Not to Mention Deceptive Labeling

The following is an excerpt from OpinionJournal’s “Best of the Web” at WSJ written by the editor, James Taranto.

Not to Mention Deceptive Labeling
“Man With Container Labeled ‘Not Weed’ Cited for Pot Possession”- headline, Lincoln (Neb.) Journal Star, March 1

Help Wanted
“Do You Like Explaining Religious Teachings That Are Unpopular in SF? Have We Got the Job for You”—headline, San Francisco Chronicle website, March 2

News of the Tautological
“U.S. Manufacturing Slows as Output and Hiring Weaken”—headline, Associated Press, March 2

Bottom Story of the Day
“Twenty-Three Percent of Americans Have Never Heard of Benjamin Netanyahu”—headline, NationalJournal, March 2

The Pointless Posturing Prize
We can’t say we’ve been closely following the dispute in Congress over funding for the Department of Homeland Security, which looks to us like yet another government-shutdown fight Republicans are futilely waging over a legitimate grievance. But this bit from the Washington Post’s Mike DeBonis caught our attention:

[House Majority Leader Kevin] McCarthy suggested Sunday that [Senate] Democrats were obstructing a solution, noting that four Democrats joined 53 Republicans in voting Friday to proceed with a bill that would overturn Obama’s most recent immigration orders. He also suggested, when prompted by “Meet the Press” host Chuck Todd, that Senate Majority Leader Mitch McConnell (R-Ky.) might invoke the “nuclear option” of changing Senate rules to allow debate to proceed without the requisite 60 votes.

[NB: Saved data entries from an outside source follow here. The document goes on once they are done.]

Lemma lattice_exp_inj (t t' : 'I_p * 'I_q * 'I_r) :
  (m%:Z %| (lattice_exp t)%:Z - (lattice_exp t')%:Z)%Z -> t = t'.
Proof.
case: t t' => [[a b] c] [[a' b'] c'] dvd_tt'.
have dvd_refl : (m%:Z %| (lattice_exp (a, b, c))%:Z - (lattice_exp (a, b, c))%:Z)%Z.
  by rewrite subrr dvdz0.
have [a_res b_res c_res] := lattice_digits dvd_refl.
have [a'_res b'_res c'_res] := lattice_digits dvd_tt'.
have /eqP/val_inj -> : a == a' :> nat.
  by rewrite (digit_eqE co_p_qr _ _ a_res a'_res) // subrr dvdz0.
have /eqP/val_inj -> : b == b' :> nat.
  by rewrite (digit_eqE co_q_rp _ _ b_res b'_res) // subrr dvdz0.
have /eqP/val_inj -> : c == c' :> nat.
  by rewrite (digit_eqE co_r_pq _ _ c_res c'_res) // subrr dvdz0.
by [].
Qed.

(* Every integer k is congruent modulo pqr to exactly one lattice exponent,
   and abc returns its digits: t -> lattice_exp t mod pqr is an injection of
   a set of size pqr into 'I_pqr, hence onto. *)
Lemma abc_spec (k : int) : exists t : 'I_p * 'I_q * 'I_r,
  abc p q r k = (t.1.1 : nat, t.1.2 : nat, t.2 : nat) /\
  (m%:Z %| k - (lattice_exp t)%:Z)%Z.
Proof.
rewrite /abc; case: pickP => [t t_res | no_t]; first by exists t; rewrite -eqz_mod_dvd.
exfalso; pose res t : 'I_m := Ordinal (ltn_pmod (lattice_exp t) m_gt0).
have res_inj : injective res.
  move=> t t' /(congr1 val) /= eq_mod; apply: lattice_exp_inj.
  by rewrite -eqz_mod_dvd !modz_nat eq_mod.
have k_mod_ge0 : 0 <= (k %% m%:Z)%Z by rewrite modz_ge0 // eqz_nat -lt0n.
have k_mod_lt : (`|(k %% m%:Z)%Z| < m)%N.
  by rewrite -ltz_nat gez0_abs // ltz_pmod // ltz_nat.
have /codomP[t /(congr1 val) /= t_mod] : Ordinal k_mod_lt \in codom res.
  by apply: inj_card_onto res_inj _ _; rewrite !card_prod !card_ord.
move/negbT/negP: (no_t t); apply.
by rewrite /= -[(k %% _)%Z]gez0_abs // t_mod -modz_nat.
Qed.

Senate rules have already been changed [by Democrats, in 2013] to require only a simple majority to allow confirmations of judicial nominees and executive appointments to proceed. But other legislation, such as the DHS funding bill and the separate bill to overturn the immigration orders, remains subject to a 60-vote hurdle.

“That’s not nuclear when 57 percent of the American representation says [the Obama immigration orders are] wrong,” McCarthy said. “That’s not in the Constitution. I think they should change the rule.”

Left unsaid: Even if Senate rules were changed to pave way for disapproval of Obama’s immigration actions, 57 Senate votes would not be enough to override a presidential veto.

When DeBonis tweeted his article with a note reiterating that last point, Adam Jentleson, communications director for Senate Minority Leader Harry Reid, answered: “Republicans want to change the rules purely for political positioning, not to actually get anything done.” Twitchy .com picked it up and mocked Jentleson, observing that “it looks like he suffers from short-term memory loss” and quoting another tweet advising him to “look up irony in the dictionary.”

Jentleson has a point, doesn’t he? One needn’t approve of Reid’s changing the rules to acknowledge that it accomplished an immediate goal for the Democrats, whereas the move McCarthy suggests would merely advance a bill toward death by veto.

But then we saw this, in the Washington Free Beacon:

Harry Reid will force the Senate to go through procedural hurdles to delay Majority Leader Mitch McConnell from bringing up the president’s Keystone XL veto for an override vote.

Last week, President Obama vetoed the popular bipartisan Keystone XL Pipeline bill passed by the Senate.

This week, the Senate is planning a vote to override the president’s veto. Democrats, led by Minority Leader Harry Reid, are set to revoke normal order and attempt to filibuster the override of the president’s veto message.

The cloture vote on a veto message will be the first in the history of the United States Senate. That is because the threshold for a veto override is 67, while the threshold for a cloture vote is only 60. The cloture vote is nothing more than a redundancy since it is assumed cloture would be reached if the Senate were aiming for a two-thirds override.

It’s also a waste of time, and maybe that’s the idea.